Final answer:
The question pertains to Mathematics and involves understanding scale drawings where a specific unit of measure on the drawing represents a larger unit of measure in reality. A scale factor is used to determine the scaled and actual sizes. A unit scale as a ratio helps to convert measurements from a drawing to real-life size and vice versa.
Step-by-step explanation:
The subject of this question is Mathematics, specifically focusing on the concept of scale drawings and the scale factor. Scale drawings are used to represent real-life sizes in a more manageable way, typically for purposes like architecture, engineering, or in this case, illustrating a crime scene. The scale of a drawing indicates the proportion by which real-life measurements are reduced to fit on paper.

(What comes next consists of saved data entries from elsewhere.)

From HB Require Import structures.
From mathcomp Require Import all_boot all_order all_algebra.
From mathcomp Require Import all_classical all_reals all_analysis.
From mathcomp Require Import ring.
Set Implicit Arguments. Unset Strict Implicit. Unset Printing Implicit Defensive.
Import Order.TTheory GRing.Theory Num.Theory.
Import numFieldNormedType.Exports.
Local Open Scope classical_set_scope.
Local Open Scope ring_scope.

(* Put g_d(x, xi) = |xi|^d g(x, xi/|xi|), so that psi = phi_m.  Differentiating the
   normalisation xi |-> xi/|xi| shows that, wherever xi <> 0 and g is differentiable
   at (x, xi/|xi|),
     (x_a d/dxi^b - x_b d/dxi^a) g_d = |xi|^(d-1) (E^d_ab g)(x, xi/|xi|),
   where E^d_ab = x_a Xi_b - x_b Xi_a + d (x_a xi_b - x_b xi_a).  The right-hand side
   is again of the same shape, with a function that is smooth near the unit sphere
   bundle, and at the k-th step the weight d = m - k + 1 is exactly that of E_k.  So
   the operators L_(m+1), ..., L_1 lower the degree from m to -1, and
     L_1 ... L_(m+1) psi = |xi|^(-1) (E_(m+1) ... E_1 phi)(x, xi/|xi|),
   which vanishes on V_n since (x, xi/|xi|) then lies in TS^(n-1) \ S^(n-1)_0.
   Only values of phi near TS^(n-1) \ S^(n-1)_0 matter, which is why smoothness on an
   open neighbourhood U suffices. *)

Lemma open_near (T : topologicalType) (U : set T) (p : T) :
  open U -> U p -> \forall q \near p, U q.
Proof. by move=> oU Up; apply: open_nbhs_nbhs. Qed.

Section Differentiability.
Context {R : realType} {V W : normedModType R}.
Implicit Types (p : V) (f g Df Dg : V -> W).

Lemma near_eq_differentiable (f g : V -> W) (a : V) :
  {near a, f =1 g} -> differentiable f a -> differentiable g a.
Proof.
move=> fg df.
have ga : g a = f a by rewrite (nbhs_singleton fg).
have gf_o : (fun x => g x - f x) \o shift a =o_ (0 : V) id.
  apply/eqoP => e e0.
  have : \forall x \near (0 : V), f (x + a) = g (x + a).
    by rewrite (near_shift a) /=; apply: filterS fg => x /= fgx; rewrite sub0r subrK.
  by apply: filterS => x /= ->; rewrite subrr normr0 mulr_ge0 // ltW.
have g_loc : g \o shift a = cst (g a) + 'd f a +o_ (0 : V) id.
  have -> : g \o shift a = (f \o shift a) + ((fun x => g x - f x) \o shift a).
    by apply/funext => x; rewrite !fctE /= addrC subrK.
  by rewrite ga (diff_locally df) gf_o -addrA addo.
have dg : 'd g a = 'd f a :> (V -> W).
  by apply: diff_unique g_loc; exact: diff_continuous.
by apply/diff_locallyP; rewrite dg; split=> //; exact: diff_continuous.
Qed.

Definition has_diff (W' : normedModType R) (f : V -> W') (p : V) (Df : V -> W') :=
  differentiable f p /\ forall v, 'D_v f p = Df v.

Lemma has_diff_linear (f : V -> W) p : linear f -> continuous f -> has_diff f p f.
Proof.
move=> flin fc.
pose fL : {linear V -> W} := HB.pack f (GRing.isLinear.Build R V W *:%R f flin).
have -> : f = fL by [].
have dfL : differentiable fL p by exact: linear_differentiable.
by split=> // v; rewrite deriveE // diff_lin.
Qed.

Lemma has_diff_sum k (F : 'I_k -> V -> W) p DF :
  (forall l, has_diff (F l) p (DF l)) ->
  has_diff (fun x => \sum_(l < k) F l x) p (fun v => \sum_(l < k) DF l v).
Proof.
move=> h.
have -> : (fun x => \sum_(l < k) F l x) = \sum_(l < k) F l by rewrite fct_sumE.
split.
  by apply: differentiable_sum => l; exact: (h l).1.
move=> v; rewrite derive_sum; last by move=> l; apply: diff_derivable; exact: (h l).1.
by apply: eq_bigr => l _; rewrite (h l).2.
Qed.

Lemma has_diffZl (f Df : V -> R) (w : W) p : has_diff f p Df ->
  has_diff (fun x => f x *: w) p (fun v => Df v *: w).
Proof.
move=> [df Ef]; split; first exact: differentiableZl.
move=> v; rewrite deriveE; last exact: differentiableZl.
by rewrite diffZl // -deriveE // Ef.
Qed.

Lemma has_diff_comp (V' : normedModType R) (h : V -> V') (g : V' -> W) p Dh :
  has_diff h p Dh -> differentiable g (h p) ->
  has_diff (g \o h) p (fun v => 'D_(Dh v) g (h p)).
Proof.
move=> [dh Eh] dg; split; first exact: differentiable_comp.
move=> v; rewrite deriveE; last exact: differentiable_comp.
by rewrite diff_comp //= -(deriveE v dh) Eh -deriveE.
Qed.

Lemma has_diff_pair (V' : normedModType R) (f : V -> W) (g : V -> V') p
    Df (Dg : V -> V') :
  has_diff f p Df -> has_diff g p Dg ->
  has_diff (fun x => (f x, g x)) p (fun v => (Df v, Dg v)).
Proof.
move=> [df Ef] [dg Eg]; split; first exact: differentiable_pair.
move=> v; have dfg := differentiable_pair df dg.
by rewrite deriveE // diff_pair // -(deriveE v df) -(deriveE v dg) Ef Eg.
Qed.

End Differentiability.

Section ScalarDifferentiability.
Context {R : realType} {V : normedModType R}.
Implicit Types (p : V) (f g Df Dg : V -> R).

Lemma has_diffM f g p Df Dg : has_diff f p Df -> has_diff g p Dg ->
  has_diff (fun x => f x * g x) p (fun v => f p * Dg v + g p * Df v).
Proof.
move=> [df Ef] [dg Eg]; split; first exact: differentiableM.
by move=> v; rewrite -Ef -Eg; apply: (@deriveM _ _ f g); exact: diff_derivable.
Qed.

Lemma has_diffV f p Df : f p != 0 -> has_diff f p Df ->
  has_diff (fun x => (f x)^-1) p (fun v => - (f p) ^- 2 * Df v).
Proof.
move=> f0 [df Ef]; split; first exact: differentiableV.
by move=> v; rewrite -Ef; apply: (@deriveV _ _ f) => //; exact: diff_derivable.
Qed.

Lemma has_diffX f p Df d : has_diff f p Df ->
  has_diff (fun x => f x ^+ d) p (fun v => d%:R * f p ^+ d.-1 * Df v).
Proof.
move=> [df Ef]; rewrite -(exprfctE f d); split.
  by case: d => [|d]; [rewrite expr0; exact: differentiable_cst | exact: differentiableX].
by move=> v; rewrite -Ef; apply: (@deriveX _ _ f); exact: diff_derivable.
Qed.

Lemma has_diff_sqrt f p Df : 0 < f p -> has_diff f p Df ->
  has_diff (fun x => Num.sqrt (f x)) p (fun v => Df v / (2 * Num.sqrt (f p))).
Proof.
move=> f0 [df Ef].
have ds : differentiable (@Num.sqrt R) (f p).
  by apply/derivable1_diffP; case: (is_derive1_sqrt f0).
split; first exact: (differentiable_comp df ds).
move=> v; rewrite deriveE; last exact: (differentiable_comp df ds).
rewrite diff_comp //= deriv1E; last exact/derivable1_diffP.
by rewrite derive1E derive_sqrt // -deriveE // Ef.
Qed.

End ScalarDifferentiability.

Lemma sum_pair (U V : nmodType) (I : Type) (r : seq I) (F : I -> U) (G : I -> V) :
  \sum_(i <- r) (F i, G i) = (\sum_(i <- r) F i, \sum_(i <- r) G i).
Proof. by elim/big_rec3: _ => // i a b c _ ->. Qed.

Lemma sum_scale_delta (R : ringType) n (c : 'I_n -> R) :
  \sum_(l < n) c l *: (delta_mx 0 l : 'rV[R]_n) = \row_l c l.
Proof. by rewrite [RHS]row_sum_delta; apply: eq_bigr => l _; rewrite mxE. Qed.

Lemma sum_delta (R : ringType) n (F : 'I_n -> R) b :
  \sum_(l < n) (delta_mx 0 b : 'rV[R]_n) 0 l * F l = F b.
Proof.
rewrite (bigD1 b) //= mxE !eqxx mul1r big1 ?addr0 // => l lb.
by rewrite mxE (negbTE lb) mul0r.
Qed.

Section Normalization.
Variables (R : realType) (n : nat).
Local Notation pt := (pt R n).
Implicit Types (p q v : pt) (g : pt -> R).

Lemma coord1_continuous i : continuous (fun q : pt => q.1 0 i).
Proof.
move=> q; apply: (@continuous_comp _ _ _ fst (fun M : 'rV[R]_n => M 0 i)).
  exact: cvg_fst.
exact: coord_continuous.
Qed.

Lemma coord2_continuous i : continuous (fun q : pt => q.2 0 i).
Proof.
move=> q; apply: (@continuous_comp _ _ _ snd (fun M : 'rV[R]_n => M 0 i)).
  exact: cvg_snd.
exact: coord_continuous.
Qed.

Lemma has_diff_fst p : has_diff (@fst _ _ : pt -> 'rV[R]_n) p fst.
Proof. by apply: has_diff_linear => // q; exact: cvg_fst. Qed.

Lemma has_diff_coord2 i p : has_diff (fun q : pt => q.2 0 i) p (fun v => v.2 0 i).
Proof.
by apply: has_diff_linear; [move=> a x y; rewrite !mxE | exact: coord2_continuous].
Qed.

Lemma dot_gt0 (x : 'rV[R]_n) : x != 0 -> 0 < dot x x.
Proof.
move=> x0; have [l xl0] : exists l, x 0 l != 0.
  apply/existsP; apply: contraNT x0 => /existsPn x_eq0.
  by apply/eqP/rowP => l; rewrite mxE; apply/eqP/negPn.
rewrite /dot (bigD1 l) //= ltr_pwDl ?sumr_ge0 // => [|i _]; last by rewrite -expr2 sqr_ge0.
by rewrite -expr2 exprn_even_gt0.
Qed.

Lemma enorm_gt0 (x : 'rV[R]_n) : x != 0 -> 0 < enorm x.
Proof. by move=> x0; rewrite sqrtr_gt0 dot_gt0. Qed.

Lemma dotZr c (x y : 'rV[R]_n) : dot x (c *: y) = c * dot x y.
Proof. by rewrite /dot mulr_sumr; apply: eq_bigr => l _; rewrite mxE mulrCA. Qed.

Lemma dotZl c (x y : 'rV[R]_n) : dot (c *: x) y = c * dot x y.
Proof. by rewrite /dot mulr_sumr; apply: eq_bigr => l _; rewrite mxE mulrA. Qed.

Definition normalize p : pt := (p.1, (enorm p.2)^-1 *: p.2).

For example, if we have a scale where 1 inch on the drawing represents 10 feet in real life, and we want to find out how much real distance is represented by inches in a different drawing, we start with the unit scale. Given that a scale of 1 inch equals to 10 feet, if a drawing measures 10 inches by 14 inches, the actual dimensions of the building would be 100 feet by 140 feet, as each inch represents 10 feet in reality.
In review problems, the same principles are applied. For instance, if Haley made a scale model of her school building and the scale was 1 inch equals 6 feet, to find out the height of the building on her scale model which is 30 actual feet tall, you would divide 30 feet by 6 feet per inch to get a result of 5 inches. This is because the scale factor tells us how many times smaller the drawing is than the actual object.